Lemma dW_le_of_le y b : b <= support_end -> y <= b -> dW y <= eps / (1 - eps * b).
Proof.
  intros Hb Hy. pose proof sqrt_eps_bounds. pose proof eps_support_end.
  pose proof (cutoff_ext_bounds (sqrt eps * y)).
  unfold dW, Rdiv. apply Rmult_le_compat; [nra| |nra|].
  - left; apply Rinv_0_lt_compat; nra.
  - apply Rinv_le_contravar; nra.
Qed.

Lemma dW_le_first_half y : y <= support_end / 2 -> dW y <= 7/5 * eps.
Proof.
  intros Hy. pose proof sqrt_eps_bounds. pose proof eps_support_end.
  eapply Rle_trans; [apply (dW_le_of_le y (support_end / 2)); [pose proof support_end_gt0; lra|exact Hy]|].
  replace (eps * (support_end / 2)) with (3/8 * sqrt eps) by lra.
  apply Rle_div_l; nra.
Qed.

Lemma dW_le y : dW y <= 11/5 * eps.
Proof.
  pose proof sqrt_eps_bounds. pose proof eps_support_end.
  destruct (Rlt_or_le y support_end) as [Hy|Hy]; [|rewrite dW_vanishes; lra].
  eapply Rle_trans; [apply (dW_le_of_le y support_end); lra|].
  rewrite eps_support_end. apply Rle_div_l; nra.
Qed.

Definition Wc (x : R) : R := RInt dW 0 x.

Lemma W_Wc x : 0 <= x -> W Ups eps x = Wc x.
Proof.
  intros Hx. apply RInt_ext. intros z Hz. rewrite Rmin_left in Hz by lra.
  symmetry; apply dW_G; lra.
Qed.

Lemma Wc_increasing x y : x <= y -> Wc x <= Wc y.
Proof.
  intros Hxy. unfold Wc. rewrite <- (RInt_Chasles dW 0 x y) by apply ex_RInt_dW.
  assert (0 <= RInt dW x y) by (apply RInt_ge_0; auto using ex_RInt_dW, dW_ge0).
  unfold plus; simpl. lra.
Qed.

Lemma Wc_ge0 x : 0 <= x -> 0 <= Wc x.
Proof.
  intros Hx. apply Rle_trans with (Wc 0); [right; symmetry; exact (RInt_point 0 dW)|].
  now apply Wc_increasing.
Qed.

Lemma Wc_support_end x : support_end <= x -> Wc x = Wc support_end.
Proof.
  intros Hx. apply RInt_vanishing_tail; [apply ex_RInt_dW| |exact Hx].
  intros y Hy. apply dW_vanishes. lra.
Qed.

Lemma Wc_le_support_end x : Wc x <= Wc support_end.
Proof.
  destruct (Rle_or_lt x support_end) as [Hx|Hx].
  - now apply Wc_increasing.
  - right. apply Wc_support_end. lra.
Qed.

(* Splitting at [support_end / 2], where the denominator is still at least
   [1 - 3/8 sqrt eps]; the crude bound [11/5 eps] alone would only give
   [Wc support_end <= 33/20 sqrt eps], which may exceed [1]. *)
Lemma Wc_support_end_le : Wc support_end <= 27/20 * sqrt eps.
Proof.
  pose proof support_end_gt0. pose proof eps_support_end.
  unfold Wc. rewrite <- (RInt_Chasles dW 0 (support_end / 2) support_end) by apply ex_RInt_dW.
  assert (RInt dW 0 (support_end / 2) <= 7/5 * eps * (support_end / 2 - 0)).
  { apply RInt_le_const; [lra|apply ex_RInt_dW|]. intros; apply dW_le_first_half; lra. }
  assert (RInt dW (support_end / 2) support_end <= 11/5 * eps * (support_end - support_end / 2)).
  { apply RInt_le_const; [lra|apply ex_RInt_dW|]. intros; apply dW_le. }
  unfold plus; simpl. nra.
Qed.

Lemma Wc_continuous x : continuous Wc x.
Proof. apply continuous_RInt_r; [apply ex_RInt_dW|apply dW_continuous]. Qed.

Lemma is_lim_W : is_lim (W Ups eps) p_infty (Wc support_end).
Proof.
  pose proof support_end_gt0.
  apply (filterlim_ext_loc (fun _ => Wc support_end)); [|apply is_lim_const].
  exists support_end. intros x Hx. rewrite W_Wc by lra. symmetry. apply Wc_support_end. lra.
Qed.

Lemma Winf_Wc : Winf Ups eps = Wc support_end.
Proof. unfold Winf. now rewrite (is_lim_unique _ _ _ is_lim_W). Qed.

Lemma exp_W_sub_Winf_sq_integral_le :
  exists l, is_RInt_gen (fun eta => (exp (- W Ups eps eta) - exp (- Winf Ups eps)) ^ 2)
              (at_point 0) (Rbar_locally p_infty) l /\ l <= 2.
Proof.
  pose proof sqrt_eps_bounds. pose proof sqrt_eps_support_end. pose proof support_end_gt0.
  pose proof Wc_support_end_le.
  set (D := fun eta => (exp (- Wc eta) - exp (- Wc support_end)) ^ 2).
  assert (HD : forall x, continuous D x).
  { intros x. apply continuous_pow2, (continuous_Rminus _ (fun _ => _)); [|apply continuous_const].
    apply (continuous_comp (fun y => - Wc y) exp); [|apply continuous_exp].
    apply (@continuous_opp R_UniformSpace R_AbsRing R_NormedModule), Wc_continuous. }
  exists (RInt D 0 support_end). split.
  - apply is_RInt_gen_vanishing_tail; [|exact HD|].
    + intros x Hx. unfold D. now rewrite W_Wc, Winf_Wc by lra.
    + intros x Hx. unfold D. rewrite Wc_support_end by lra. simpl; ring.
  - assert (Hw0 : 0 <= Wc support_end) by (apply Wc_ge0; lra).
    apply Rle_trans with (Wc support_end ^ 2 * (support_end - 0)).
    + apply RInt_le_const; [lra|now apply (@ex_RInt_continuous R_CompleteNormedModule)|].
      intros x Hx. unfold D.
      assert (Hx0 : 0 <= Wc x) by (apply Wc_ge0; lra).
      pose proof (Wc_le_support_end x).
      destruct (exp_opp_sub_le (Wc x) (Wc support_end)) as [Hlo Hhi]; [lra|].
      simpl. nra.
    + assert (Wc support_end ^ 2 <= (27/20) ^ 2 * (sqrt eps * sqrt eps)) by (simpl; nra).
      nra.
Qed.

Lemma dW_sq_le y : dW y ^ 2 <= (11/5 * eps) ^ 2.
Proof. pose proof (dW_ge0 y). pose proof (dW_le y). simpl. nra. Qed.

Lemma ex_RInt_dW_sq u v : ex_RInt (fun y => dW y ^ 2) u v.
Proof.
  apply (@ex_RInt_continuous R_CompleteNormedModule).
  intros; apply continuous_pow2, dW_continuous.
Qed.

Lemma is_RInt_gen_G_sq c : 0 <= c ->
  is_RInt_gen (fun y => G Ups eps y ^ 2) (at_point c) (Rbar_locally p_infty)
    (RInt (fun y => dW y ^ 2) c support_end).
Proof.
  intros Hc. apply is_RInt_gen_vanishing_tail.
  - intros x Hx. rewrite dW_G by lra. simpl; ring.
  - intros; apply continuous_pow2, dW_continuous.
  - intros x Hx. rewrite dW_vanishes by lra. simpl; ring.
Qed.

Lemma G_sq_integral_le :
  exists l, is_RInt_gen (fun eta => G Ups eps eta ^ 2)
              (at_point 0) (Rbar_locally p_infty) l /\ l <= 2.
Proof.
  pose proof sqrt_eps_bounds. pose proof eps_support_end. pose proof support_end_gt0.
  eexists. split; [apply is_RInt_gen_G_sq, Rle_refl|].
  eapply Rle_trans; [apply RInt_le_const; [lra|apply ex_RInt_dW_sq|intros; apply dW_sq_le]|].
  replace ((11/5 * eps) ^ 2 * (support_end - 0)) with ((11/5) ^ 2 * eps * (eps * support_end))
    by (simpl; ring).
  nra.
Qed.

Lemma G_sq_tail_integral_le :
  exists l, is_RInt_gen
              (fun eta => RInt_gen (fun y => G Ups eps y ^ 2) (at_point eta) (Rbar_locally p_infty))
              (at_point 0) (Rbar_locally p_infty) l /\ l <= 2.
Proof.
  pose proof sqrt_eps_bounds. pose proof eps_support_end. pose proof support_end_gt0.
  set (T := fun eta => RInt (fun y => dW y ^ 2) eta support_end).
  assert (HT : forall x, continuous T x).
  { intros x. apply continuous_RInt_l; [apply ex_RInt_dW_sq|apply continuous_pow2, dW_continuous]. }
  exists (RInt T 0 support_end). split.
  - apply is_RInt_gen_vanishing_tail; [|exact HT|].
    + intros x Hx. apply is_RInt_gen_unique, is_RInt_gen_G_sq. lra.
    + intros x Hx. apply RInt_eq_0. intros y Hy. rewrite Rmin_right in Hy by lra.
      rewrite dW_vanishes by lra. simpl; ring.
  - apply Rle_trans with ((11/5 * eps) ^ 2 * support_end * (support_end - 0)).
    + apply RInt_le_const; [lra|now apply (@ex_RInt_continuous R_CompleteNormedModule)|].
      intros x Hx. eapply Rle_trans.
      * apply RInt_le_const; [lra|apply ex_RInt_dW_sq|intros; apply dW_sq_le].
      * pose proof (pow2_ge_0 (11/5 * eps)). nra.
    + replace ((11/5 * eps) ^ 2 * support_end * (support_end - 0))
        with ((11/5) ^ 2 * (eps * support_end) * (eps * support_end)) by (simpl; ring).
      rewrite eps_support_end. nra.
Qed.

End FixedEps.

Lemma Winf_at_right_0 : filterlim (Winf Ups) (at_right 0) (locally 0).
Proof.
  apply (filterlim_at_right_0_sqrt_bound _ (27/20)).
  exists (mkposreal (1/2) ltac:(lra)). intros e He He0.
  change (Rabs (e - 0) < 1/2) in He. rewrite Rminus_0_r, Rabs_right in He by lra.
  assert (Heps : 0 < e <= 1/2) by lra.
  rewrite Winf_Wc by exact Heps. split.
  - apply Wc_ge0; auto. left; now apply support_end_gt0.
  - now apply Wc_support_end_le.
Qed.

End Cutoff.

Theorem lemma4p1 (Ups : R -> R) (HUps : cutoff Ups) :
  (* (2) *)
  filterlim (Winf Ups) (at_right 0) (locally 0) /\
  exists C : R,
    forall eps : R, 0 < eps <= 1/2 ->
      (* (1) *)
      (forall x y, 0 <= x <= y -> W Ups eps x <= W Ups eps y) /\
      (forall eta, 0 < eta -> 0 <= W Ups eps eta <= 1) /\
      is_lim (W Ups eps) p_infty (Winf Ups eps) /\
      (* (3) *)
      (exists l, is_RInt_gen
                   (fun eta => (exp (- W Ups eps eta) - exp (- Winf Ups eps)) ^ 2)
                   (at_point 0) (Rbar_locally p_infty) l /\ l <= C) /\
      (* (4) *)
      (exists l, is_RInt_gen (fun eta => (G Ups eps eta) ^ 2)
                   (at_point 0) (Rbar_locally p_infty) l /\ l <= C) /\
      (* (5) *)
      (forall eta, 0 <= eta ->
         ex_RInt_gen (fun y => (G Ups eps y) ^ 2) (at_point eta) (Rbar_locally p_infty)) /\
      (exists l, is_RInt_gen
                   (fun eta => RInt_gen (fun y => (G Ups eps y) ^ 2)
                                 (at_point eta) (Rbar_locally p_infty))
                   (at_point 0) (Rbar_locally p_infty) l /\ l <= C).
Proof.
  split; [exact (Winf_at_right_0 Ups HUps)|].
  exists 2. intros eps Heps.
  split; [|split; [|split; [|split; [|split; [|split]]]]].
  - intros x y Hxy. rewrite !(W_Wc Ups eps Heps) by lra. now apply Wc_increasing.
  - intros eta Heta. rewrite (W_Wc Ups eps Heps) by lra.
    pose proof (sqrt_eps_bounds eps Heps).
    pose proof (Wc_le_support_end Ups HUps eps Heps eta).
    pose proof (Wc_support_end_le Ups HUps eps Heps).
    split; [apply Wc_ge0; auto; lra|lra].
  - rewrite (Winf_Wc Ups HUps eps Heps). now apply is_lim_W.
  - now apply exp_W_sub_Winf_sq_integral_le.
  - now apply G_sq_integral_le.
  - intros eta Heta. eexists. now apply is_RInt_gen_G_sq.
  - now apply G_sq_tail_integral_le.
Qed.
--
== Exercise ==
If the string "eapply" appears in a line of the entries, report the line.

== Exercise result ==
  eapply Rle_trans; [apply (dW_le_of_le y (support_end / 2)); [pose proof support_end_gt0; lra|exact Hy]|].
  eapply Rle_trans; [apply (dW_le_of_le y support_end); lra|].
  eapply Rle_trans; [apply RInt_le_const; [lra|apply ex_RInt_dW_sq|intros; apply dW_sq_le]|].
      intros x Hx. eapply Rle_trans.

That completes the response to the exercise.